= Beginning of Section =

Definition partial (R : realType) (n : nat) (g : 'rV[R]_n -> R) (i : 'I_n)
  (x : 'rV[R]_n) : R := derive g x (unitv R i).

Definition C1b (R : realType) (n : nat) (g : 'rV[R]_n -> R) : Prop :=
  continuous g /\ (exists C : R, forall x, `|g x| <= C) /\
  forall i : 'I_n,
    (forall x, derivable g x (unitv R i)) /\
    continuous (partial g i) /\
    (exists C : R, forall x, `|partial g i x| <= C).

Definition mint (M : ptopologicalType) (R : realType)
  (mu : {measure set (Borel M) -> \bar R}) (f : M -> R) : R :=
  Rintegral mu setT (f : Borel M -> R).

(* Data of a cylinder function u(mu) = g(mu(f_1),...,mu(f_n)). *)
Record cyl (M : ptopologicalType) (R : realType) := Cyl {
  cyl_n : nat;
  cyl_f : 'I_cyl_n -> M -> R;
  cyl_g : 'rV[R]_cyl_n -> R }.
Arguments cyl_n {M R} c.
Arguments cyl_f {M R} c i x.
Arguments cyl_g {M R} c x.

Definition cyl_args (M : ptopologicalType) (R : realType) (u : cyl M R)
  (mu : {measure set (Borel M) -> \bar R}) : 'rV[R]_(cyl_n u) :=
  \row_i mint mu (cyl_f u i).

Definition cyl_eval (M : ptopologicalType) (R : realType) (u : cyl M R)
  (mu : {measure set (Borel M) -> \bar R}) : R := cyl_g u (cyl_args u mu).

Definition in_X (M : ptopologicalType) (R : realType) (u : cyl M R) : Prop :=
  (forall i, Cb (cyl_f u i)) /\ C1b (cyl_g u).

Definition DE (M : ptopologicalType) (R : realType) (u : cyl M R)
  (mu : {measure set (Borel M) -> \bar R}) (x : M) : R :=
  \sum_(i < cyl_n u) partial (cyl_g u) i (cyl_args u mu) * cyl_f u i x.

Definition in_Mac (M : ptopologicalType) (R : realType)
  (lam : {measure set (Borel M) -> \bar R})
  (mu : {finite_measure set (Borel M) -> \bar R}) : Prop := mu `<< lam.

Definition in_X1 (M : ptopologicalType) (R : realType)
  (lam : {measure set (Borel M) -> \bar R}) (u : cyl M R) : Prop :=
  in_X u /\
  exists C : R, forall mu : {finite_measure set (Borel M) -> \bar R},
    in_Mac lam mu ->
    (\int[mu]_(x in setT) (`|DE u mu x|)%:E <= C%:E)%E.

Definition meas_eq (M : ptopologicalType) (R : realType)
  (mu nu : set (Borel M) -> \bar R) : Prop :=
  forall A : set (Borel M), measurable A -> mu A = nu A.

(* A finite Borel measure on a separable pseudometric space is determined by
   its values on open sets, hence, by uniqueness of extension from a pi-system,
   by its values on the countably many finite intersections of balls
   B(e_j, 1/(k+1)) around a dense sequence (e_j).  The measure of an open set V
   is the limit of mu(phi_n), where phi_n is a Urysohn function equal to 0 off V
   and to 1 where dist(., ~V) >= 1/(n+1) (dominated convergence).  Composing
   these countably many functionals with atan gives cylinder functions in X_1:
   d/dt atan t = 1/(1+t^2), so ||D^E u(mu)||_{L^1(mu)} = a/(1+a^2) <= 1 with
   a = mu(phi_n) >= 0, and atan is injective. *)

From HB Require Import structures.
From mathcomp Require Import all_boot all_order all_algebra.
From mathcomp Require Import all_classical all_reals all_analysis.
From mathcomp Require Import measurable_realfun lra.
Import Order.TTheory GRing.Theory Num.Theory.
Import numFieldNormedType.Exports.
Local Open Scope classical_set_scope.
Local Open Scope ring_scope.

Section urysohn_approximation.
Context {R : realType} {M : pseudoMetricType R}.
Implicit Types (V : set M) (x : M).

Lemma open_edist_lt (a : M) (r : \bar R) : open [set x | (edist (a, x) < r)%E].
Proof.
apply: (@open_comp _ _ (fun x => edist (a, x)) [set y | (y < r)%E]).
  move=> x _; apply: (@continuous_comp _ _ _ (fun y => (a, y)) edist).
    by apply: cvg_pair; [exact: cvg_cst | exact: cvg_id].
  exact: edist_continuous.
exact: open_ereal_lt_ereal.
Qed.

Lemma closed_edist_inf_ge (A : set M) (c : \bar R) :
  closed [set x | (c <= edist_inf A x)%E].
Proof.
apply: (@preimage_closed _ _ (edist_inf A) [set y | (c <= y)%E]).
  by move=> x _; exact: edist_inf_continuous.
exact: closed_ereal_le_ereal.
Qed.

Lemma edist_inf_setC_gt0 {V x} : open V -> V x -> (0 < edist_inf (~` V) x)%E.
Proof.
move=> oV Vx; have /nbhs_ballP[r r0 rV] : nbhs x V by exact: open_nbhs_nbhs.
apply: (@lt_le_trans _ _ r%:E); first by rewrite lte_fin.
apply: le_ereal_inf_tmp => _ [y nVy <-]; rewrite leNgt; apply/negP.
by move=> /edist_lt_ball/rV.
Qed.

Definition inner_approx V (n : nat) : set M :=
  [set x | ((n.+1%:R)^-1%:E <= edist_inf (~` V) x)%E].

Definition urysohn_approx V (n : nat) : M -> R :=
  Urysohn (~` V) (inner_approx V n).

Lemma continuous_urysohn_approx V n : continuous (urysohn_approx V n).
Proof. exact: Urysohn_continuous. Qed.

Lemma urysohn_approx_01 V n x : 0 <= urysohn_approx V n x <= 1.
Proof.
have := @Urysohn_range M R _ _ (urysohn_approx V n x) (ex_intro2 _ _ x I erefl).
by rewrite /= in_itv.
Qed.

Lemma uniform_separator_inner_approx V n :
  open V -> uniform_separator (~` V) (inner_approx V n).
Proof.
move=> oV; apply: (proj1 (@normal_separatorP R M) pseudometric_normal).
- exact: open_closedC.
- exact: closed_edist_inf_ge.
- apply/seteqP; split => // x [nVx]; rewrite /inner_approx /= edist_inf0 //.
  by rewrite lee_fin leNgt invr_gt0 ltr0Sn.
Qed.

= End of Section =

WORK ITEM:
Please print out every entry again, exactly as it reads.

TASK OUTPUT:
Definition partial (R : realType) (n : nat) (g : 'rV[R]_n -> R) (i : 'I_n)
  (x : 'rV[R]_n) : R := derive g x (unitv R i).

Definition C1b (R : realType) (n : nat) (g : 'rV[R]_n -> R) : Prop :=
  continuous g /\ (exists C : R, forall x, `|g x| <= C) /\
  forall i : 'I_n,
    (forall x, derivable g x (unitv R i)) /\
    continuous (partial g i) /\
    (exists C : R, forall x, `|partial g i x| <= C).

Definition mint (M : ptopologicalType) (R : realType)
  (mu : {measure set (Borel M) -> \bar R}) (f : M -> R) : R :=
  Rintegral mu setT (f : Borel M -> R).

(* Data of a cylinder function u(mu) = g(mu(f_1),...,mu(f_n)). *)
Record cyl (M : ptopologicalType) (R : realType) := Cyl {
  cyl_n : nat;
  cyl_f : 'I_cyl_n -> M -> R;
  cyl_g : 'rV[R]_cyl_n -> R }.
Arguments cyl_n {M R} c.
Arguments cyl_f {M R} c i x.
Arguments cyl_g {M R} c x.

Definition cyl_args (M : ptopologicalType) (R : realType) (u : cyl M R)
  (mu : {measure set (Borel M) -> \bar R}) : 'rV[R]_(cyl_n u) :=
  \row_i mint mu (cyl_f u i).

Definition cyl_eval (M : ptopologicalType) (R : realType) (u : cyl M R)
  (mu : {measure set (Borel M) -> \bar R}) : R := cyl_g u (cyl_args u mu).

Definition in_X (M : ptopologicalType) (R : realType) (u : cyl M R) : Prop :=
  (forall i, Cb (cyl_f u i)) /\ C1b (cyl_g u).

Definition DE (M : ptopologicalType) (R : realType) (u : cyl M R)
  (mu : {measure set (Borel M) -> \bar R}) (x : M) : R :=
  \sum_(i < cyl_n u) partial (cyl_g u) i (cyl_args u mu) * cyl_f u i x.

Definition in_Mac (M : ptopologicalType) (R : realType)
  (lam : {measure set (Borel M) -> \bar R})
  (mu : {finite_measure set (Borel M) -> \bar R}) : Prop := mu `<< lam.

Definition in_X1 (M : ptopologicalType) (R : realType)
  (lam : {measure set (Borel M) -> \bar R}) (u : cyl M R) : Prop :=
  in_X u /\
  exists C : R, forall mu : {finite_measure set (Borel M) -> \bar R},
    in_Mac lam mu ->
    (\int[mu]_(x in setT) (`|DE u mu x|)%:E <= C%:E)%E.

Definition meas_eq (M : ptopologicalType) (R : realType)
  (mu nu : set (Borel M) -> \bar R) : Prop :=
  forall A : set (Borel M), measurable A -> mu A = nu A.

(* A finite Borel measure on a separable pseudometric space is determined by
   its values on open sets, hence, by uniqueness of extension from a pi-system,
   by its values on the countably many finite intersections of balls
   B(e_j, 1/(k+1)) around a dense sequence (e_j).  The measure of an open set V
   is the limit of mu(phi_n), where phi_n is a Urysohn function equal to 0 off V
   and to 1 where dist(., ~V) >= 1/(n+1) (dominated convergence).  Composing
   these countably many functionals with atan gives cylinder functions in X_1:
   d/dt atan t = 1/(1+t^2), so ||D^E u(mu)||_{L^1(mu)} = a/(1+a^2) <= 1 with
   a = mu(phi_n) >= 0, and atan is injective. *)

From HB Require Import structures.
From mathcomp Require Import all_boot all_order all_algebra.
From mathcomp Require Import all_classical all_reals all_analysis.
From mathcomp Require Import measurable_realfun lra.
Import Order.TTheory GRing.Theory Num.Theory.
Import numFieldNormedType.Exports.
Local Open Scope classical_set_scope.
Local Open Scope ring_scope.

Section urysohn_approximation.
Context {R : realType} {M : pseudoMetricType R}.
Implicit Types (V : set M) (x : M).

Lemma open_edist_lt (a : M) (r : \bar R) : open [set x | (edist (a, x) < r)%E].
Proof.
apply: (@open_comp _ _ (fun x => edist (a, x)) [set y | (y < r)%E]).
  move=> x _; apply: (@continuous_comp _ _ _ (fun y => (a, y)) edist).
    by apply: cvg_pair; [exact: cvg_cst | exact: cvg_id].
  exact: edist_continuous.
exact: open_ereal_lt_ereal.
Qed.

Lemma closed_edist_inf_ge (A : set M) (c : \bar R) :
  closed [set x | (c <= edist_inf A x)%E].
Proof.
apply: (@preimage_closed _ _ (edist_inf A) [set y | (c <= y)%E]).
  by move=> x _; exact: edist_inf_continuous.
exact: closed_ereal_le_ereal.
Qed.

Lemma edist_inf_setC_gt0 {V x} : open V -> V x -> (0 < edist_inf (~` V) x)%E.
Proof.
move=> oV Vx; have /nbhs_ballP[r r0 rV] : nbhs x V by exact: open_nbhs_nbhs.
apply: (@lt_le_trans _ _ r%:E); first by rewrite lte_fin.
apply: le_ereal_inf_tmp => _ [y nVy <-]; rewrite leNgt; apply/negP.
by move=> /edist_lt_ball/rV.
Qed.

Definition inner_approx V (n : nat) : set M :=
  [set x | ((n.+1%:R)^-1%:E <= edist_inf (~` V) x)%E].

Definition urysohn_approx V (n : nat) : M -> R :=
  Urysohn (~` V) (inner_approx V n).

Lemma continuous_urysohn_approx V n : continuous (urysohn_approx V n).
Proof. exact: Urysohn_continuous. Qed.

Lemma urysohn_approx_01 V n x : 0 <= urysohn_approx V n x <= 1.
Proof.
have := @Urysohn_range M R _ _ (urysohn_approx V n x) (ex_intro2 _ _ x I erefl).
by rewrite /= in_itv.
Qed.

Lemma uniform_separator_inner_approx V n :
  open V -> uniform_separator (~` V) (inner_approx V n).
Proof.
move=> oV; apply: (proj1 (@normal_separatorP R M) pseudometric_normal).
- exact: open_closedC.
- exact: closed_edist_inf_ge.
- apply/seteqP; split => // x [nVx]; rewrite /inner_approx /= edist_inf0 //.
  by rewrite lee_fin leNgt invr_gt0 ltr0Sn.
Qed.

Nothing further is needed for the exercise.